TASK:
For each line below with the word "Fixpoint", write out a copy.

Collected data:
^^^^^^^^^^^^^^^^

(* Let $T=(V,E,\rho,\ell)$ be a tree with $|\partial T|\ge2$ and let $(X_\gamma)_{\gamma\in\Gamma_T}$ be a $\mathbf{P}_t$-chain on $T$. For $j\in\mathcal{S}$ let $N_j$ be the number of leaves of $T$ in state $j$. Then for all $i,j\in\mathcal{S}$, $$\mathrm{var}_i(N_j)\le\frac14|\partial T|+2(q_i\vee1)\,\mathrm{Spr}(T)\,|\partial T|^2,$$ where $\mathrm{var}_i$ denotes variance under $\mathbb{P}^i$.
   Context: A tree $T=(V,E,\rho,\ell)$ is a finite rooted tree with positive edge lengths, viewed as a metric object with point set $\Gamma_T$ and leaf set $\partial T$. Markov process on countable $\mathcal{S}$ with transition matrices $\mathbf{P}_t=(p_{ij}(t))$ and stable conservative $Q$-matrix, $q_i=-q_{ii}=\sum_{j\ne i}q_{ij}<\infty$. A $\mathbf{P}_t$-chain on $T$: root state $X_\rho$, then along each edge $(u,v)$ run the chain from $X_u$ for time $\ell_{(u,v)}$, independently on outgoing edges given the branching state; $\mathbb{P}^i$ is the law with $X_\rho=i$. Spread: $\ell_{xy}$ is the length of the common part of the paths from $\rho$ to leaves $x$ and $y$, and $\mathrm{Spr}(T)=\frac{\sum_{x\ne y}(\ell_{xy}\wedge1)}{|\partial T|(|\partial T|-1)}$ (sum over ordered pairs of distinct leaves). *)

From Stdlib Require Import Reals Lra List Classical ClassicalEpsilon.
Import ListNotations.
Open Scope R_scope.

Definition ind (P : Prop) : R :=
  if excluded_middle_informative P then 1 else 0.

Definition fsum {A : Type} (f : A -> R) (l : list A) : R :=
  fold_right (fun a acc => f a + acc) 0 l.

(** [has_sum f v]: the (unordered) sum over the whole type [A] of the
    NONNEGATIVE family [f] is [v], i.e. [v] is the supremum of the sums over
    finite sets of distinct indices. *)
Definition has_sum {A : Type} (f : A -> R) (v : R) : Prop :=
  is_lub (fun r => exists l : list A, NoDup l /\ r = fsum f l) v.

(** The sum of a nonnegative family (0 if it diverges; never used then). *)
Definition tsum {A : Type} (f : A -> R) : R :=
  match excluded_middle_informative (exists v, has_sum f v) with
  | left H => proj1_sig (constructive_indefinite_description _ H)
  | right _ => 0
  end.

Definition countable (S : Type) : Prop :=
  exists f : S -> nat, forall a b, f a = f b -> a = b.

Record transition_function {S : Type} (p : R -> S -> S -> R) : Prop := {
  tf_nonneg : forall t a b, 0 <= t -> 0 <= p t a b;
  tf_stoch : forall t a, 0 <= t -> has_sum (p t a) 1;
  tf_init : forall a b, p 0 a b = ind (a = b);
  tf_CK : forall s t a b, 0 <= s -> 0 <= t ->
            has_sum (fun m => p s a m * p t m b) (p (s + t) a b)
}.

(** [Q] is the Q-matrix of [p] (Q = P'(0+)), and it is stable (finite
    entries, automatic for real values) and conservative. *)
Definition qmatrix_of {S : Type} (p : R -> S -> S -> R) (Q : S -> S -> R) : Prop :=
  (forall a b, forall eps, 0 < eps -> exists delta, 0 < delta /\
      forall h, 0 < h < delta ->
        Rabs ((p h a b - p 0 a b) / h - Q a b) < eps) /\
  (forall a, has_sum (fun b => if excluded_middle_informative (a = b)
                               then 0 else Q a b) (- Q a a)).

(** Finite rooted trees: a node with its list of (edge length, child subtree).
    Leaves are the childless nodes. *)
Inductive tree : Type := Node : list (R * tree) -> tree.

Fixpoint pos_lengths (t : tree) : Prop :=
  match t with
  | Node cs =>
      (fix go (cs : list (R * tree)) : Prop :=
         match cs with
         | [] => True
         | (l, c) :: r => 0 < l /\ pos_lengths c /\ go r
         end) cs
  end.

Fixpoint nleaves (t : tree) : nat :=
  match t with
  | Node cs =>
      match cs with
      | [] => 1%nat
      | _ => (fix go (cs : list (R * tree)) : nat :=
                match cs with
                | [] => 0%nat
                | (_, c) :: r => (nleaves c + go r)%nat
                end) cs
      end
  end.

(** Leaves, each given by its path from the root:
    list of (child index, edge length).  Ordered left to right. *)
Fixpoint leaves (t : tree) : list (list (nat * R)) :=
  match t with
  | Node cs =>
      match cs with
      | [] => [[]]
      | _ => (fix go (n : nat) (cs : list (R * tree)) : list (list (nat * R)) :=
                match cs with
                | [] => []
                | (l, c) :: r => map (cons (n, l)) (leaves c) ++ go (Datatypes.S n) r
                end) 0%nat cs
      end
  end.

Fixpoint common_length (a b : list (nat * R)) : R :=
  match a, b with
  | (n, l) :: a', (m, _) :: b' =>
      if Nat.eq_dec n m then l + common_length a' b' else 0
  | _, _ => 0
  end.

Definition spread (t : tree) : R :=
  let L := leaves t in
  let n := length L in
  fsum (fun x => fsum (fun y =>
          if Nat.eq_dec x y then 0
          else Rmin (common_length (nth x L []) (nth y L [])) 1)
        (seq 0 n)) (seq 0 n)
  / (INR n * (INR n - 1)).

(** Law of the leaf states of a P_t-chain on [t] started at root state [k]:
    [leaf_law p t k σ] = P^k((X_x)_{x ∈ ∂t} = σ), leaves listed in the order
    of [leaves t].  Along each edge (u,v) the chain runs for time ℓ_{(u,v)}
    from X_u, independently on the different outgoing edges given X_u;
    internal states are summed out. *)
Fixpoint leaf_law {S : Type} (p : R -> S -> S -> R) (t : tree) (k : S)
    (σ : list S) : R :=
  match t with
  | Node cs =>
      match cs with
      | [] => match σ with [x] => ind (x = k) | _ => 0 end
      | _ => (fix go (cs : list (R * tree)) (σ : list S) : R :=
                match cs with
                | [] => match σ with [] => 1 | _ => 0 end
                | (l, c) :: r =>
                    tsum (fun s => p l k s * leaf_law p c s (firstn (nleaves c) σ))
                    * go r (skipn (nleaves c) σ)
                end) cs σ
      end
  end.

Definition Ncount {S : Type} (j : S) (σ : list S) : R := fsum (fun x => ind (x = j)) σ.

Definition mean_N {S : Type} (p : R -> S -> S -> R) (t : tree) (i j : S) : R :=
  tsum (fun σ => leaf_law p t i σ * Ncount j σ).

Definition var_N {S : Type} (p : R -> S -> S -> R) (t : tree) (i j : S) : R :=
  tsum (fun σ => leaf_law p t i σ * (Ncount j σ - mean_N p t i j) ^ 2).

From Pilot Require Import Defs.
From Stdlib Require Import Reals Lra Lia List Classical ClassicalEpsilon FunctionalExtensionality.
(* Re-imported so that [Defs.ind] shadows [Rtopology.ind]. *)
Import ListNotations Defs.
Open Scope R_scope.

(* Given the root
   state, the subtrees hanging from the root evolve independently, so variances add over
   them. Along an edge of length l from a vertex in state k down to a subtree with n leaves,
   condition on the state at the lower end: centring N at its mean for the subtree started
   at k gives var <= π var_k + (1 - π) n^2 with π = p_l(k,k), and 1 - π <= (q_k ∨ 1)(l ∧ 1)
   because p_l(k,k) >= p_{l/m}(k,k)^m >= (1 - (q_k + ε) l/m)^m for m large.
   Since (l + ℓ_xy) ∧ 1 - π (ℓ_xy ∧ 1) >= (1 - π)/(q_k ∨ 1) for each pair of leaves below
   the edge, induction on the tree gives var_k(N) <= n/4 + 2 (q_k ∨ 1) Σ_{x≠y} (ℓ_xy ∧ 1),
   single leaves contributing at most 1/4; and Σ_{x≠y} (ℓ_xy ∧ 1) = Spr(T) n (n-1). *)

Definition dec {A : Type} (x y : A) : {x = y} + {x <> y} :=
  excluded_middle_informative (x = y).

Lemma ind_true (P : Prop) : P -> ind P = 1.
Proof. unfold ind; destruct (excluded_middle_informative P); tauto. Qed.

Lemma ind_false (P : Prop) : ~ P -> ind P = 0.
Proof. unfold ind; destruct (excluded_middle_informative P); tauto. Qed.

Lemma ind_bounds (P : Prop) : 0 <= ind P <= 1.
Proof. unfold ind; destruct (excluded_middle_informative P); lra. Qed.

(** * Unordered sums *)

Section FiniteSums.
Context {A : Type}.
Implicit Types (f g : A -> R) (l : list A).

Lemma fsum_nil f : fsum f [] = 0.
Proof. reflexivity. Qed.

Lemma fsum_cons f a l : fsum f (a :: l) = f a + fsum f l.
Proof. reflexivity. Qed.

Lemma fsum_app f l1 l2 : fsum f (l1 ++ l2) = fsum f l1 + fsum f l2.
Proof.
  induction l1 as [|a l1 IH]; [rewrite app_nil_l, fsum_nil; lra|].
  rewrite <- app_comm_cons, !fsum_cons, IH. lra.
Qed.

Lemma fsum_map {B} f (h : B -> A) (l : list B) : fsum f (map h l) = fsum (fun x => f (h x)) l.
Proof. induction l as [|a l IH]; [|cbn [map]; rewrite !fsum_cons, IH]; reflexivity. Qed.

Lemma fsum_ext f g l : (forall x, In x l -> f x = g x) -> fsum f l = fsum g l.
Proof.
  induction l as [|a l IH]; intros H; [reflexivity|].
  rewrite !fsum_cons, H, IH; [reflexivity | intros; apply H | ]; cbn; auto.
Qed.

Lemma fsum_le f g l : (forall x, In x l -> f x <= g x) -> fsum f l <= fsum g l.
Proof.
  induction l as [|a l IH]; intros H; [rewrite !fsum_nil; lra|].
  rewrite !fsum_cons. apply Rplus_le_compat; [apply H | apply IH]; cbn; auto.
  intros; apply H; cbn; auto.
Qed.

^^^^^^^^^^^^^^^^

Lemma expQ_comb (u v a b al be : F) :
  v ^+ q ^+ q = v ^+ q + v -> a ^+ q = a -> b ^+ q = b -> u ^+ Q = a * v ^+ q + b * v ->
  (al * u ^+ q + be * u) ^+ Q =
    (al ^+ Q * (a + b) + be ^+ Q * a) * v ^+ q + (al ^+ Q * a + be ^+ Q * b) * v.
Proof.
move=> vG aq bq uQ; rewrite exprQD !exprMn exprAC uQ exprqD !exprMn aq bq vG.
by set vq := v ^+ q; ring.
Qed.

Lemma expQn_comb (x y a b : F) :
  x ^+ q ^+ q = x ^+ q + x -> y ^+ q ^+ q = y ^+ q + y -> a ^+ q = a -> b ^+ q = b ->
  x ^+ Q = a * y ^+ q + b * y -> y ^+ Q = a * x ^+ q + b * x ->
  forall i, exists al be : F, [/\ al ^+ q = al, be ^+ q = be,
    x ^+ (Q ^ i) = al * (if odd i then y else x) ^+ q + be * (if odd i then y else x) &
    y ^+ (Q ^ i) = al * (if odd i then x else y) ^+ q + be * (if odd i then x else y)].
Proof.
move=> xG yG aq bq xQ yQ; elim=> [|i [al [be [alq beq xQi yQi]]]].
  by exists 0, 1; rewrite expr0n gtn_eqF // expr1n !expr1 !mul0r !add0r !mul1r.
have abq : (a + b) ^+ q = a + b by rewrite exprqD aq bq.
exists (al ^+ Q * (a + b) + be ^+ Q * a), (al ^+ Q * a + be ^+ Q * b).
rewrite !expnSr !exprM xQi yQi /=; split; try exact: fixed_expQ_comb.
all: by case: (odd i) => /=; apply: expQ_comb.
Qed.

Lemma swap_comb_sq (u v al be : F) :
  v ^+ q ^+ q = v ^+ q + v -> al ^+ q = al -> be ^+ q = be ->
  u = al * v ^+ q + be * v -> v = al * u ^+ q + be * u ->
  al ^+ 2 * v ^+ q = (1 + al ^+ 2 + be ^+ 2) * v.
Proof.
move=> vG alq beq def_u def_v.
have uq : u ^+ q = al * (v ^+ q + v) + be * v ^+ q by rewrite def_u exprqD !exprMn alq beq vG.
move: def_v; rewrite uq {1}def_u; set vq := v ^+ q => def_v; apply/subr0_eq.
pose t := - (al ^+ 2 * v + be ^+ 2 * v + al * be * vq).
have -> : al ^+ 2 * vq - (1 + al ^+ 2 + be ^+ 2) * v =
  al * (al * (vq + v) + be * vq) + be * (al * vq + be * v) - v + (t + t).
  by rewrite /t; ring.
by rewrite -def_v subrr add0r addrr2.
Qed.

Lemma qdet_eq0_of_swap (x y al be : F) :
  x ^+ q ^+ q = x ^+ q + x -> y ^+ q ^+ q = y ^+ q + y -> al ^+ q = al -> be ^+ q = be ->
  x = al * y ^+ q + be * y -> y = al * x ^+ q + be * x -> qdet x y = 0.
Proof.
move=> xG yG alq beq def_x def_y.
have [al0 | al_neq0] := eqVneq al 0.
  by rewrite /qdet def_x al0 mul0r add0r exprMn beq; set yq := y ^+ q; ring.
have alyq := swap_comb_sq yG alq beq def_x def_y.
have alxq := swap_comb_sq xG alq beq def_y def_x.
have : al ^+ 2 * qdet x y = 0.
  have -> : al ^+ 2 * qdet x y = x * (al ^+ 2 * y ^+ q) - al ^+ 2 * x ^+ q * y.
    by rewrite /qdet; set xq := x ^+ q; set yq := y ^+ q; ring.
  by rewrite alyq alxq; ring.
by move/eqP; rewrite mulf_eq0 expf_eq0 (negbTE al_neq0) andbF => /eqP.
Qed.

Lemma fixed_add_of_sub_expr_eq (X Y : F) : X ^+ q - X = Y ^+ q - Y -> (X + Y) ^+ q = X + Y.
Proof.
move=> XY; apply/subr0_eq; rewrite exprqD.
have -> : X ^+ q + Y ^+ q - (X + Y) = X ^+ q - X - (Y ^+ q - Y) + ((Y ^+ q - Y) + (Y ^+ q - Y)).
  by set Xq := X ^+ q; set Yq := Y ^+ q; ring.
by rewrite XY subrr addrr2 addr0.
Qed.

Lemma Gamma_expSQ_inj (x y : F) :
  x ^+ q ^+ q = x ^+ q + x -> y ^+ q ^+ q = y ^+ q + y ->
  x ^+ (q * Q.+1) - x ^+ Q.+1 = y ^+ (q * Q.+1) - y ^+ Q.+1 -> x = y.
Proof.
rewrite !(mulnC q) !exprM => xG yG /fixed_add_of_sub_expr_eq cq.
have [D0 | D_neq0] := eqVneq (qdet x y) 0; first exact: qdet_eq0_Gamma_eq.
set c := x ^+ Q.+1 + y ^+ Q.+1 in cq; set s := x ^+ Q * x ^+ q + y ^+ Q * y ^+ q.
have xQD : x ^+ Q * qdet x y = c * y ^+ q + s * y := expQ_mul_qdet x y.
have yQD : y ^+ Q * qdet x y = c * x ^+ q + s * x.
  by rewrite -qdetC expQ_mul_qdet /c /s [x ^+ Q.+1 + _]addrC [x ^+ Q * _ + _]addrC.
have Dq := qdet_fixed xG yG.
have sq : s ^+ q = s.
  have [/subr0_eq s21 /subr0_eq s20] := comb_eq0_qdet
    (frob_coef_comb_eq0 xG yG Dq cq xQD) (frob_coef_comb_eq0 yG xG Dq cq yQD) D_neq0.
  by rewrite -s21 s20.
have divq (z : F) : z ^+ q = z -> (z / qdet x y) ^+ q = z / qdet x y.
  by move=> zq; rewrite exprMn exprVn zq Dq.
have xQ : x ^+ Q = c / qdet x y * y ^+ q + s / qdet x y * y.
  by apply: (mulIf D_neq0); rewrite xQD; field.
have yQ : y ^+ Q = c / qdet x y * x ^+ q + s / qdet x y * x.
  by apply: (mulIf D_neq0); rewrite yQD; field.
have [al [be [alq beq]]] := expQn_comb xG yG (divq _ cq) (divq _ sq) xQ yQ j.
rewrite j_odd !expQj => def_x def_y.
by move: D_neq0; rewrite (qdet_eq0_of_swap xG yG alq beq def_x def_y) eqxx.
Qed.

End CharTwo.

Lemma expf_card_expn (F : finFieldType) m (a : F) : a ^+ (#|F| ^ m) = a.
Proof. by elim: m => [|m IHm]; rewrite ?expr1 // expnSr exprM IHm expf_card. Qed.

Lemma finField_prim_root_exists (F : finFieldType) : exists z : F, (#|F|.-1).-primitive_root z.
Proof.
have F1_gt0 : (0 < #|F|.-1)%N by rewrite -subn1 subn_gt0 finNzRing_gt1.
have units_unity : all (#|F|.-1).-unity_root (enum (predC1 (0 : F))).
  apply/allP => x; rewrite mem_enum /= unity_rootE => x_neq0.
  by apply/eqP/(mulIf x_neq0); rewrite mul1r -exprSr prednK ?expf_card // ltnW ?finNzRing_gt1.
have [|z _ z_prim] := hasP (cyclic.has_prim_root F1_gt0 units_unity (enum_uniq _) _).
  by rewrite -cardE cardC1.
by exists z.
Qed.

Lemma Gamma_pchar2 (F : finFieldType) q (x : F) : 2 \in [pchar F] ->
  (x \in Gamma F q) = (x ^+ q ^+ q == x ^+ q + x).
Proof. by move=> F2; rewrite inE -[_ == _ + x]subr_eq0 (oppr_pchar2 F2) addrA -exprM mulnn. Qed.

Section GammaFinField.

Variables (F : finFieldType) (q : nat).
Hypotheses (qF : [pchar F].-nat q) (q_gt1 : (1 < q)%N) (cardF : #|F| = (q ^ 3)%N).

^^^^^^^^^^^^^^^^

ANSWER TO THIS TASK:
Fixpoint pos_lengths (t : tree) : Prop :=
Fixpoint nleaves (t : tree) : nat :=
Fixpoint leaves (t : tree) : list (list (nat * R)) :=
Fixpoint common_length (a b : list (nat * R)) : R :=
Fixpoint leaf_law {S : Type} (p : R -> S -> S -> R) (t : tree) (k : S)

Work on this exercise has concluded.